Theorem proposition1 (q' e' qmax : R) (hq' : 0 < q') (he' : 0 < e' < 1)
  (hqmax : 0 < qmax) (q w : R) (hq : 0 < q <= qmax) (hw : 0 <= w <= PI / 2) :
  ((exists e w', 0 <= e <= 1 /\ 0 <= w' <= PI /\
       delta_nod q' e' q e w w' =
       er_max (Fin 0) (er_max (l_int q' e' q w) (l_ext q' e' q w))) /\
   (forall e w', 0 <= e <= 1 -> 0 <= w' <= PI ->
       er_le (er_max (Fin 0) (er_max (l_int q' e' q w) (l_ext q' e' q w)))
             (delta_nod q' e' q e w w'))) /\
  ((exists e w', 0 <= e <= 1 /\ 0 <= w' <= PI /\
       delta_nod q' e' q e w w' =
       er_max (u_int q' e' q w) (er_max (u_ext q' e' q w) (u_link q' e' q w))) /\
   (forall e w', 0 <= e <= 1 -> 0 <= w' <= PI ->
       er_le (delta_nod q' e' q e w w')
             (er_max (u_int q' e' q w) (er_max (u_ext q' e' q w) (u_link q' e' q w))))).
Proof.
  (* [qmax] only bounds the domain of [q]; the identities hold for every [q > 0]. *)
  assert (hc : 0 <= cos w <= 1) by (split; [apply cos_ge_0 | apply COS_bound]; lra).
  change (extrema_on_D1 (fun e w' => delta_nod q' e' q e w w')
            (er_max (Fin 0) (er_max (l_int q' e' q w) (l_ext q' e' q w)))
            (er_max (u_int q' e' q w) (er_max (u_ext q' e' q w) (u_link q' e' q w)))).
  unfold l_int, l_ext, u_int, u_ext, u_link, xi_hat, e_hat.
  rewrite xi_star_eq, e_star_eq.
  destruct (Rlt_or_le (cos w) 1) as [hc1|hc1].
  - rewrite !er_divpos_fin by lra.
    apply delta_nod_extrema_nonzero_omega; lra.
  - assert (hcos : cos w = 1) by lra.
    rewrite (er_divpos_zero _ (1 - cos w)), er_divpos_fin by lra.
    rewrite hcos; cbn [er_sub er_max er_min].
    set (E := Rmax 0 (Rmin _ 1)); assert (hE : 0 <= E) by apply Rmax_l.
    replace (q * (1 + E) / (1 + E * 1)) with q by (field; lra).
    replace (2 * q / (1 + 1)) with q by field.
    apply delta_nod_extrema_zero_omega; lra.
Qed.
────
## WHAT IS REQUIRED
Which lines of the data above contain the string "with"? Copy each of them.

## ANSWER SPACE
    replace (q * (1 + E) / (1 + E * 1)) with q by (field; lra).
    replace (2 * q / (1 + 1)) with q by field.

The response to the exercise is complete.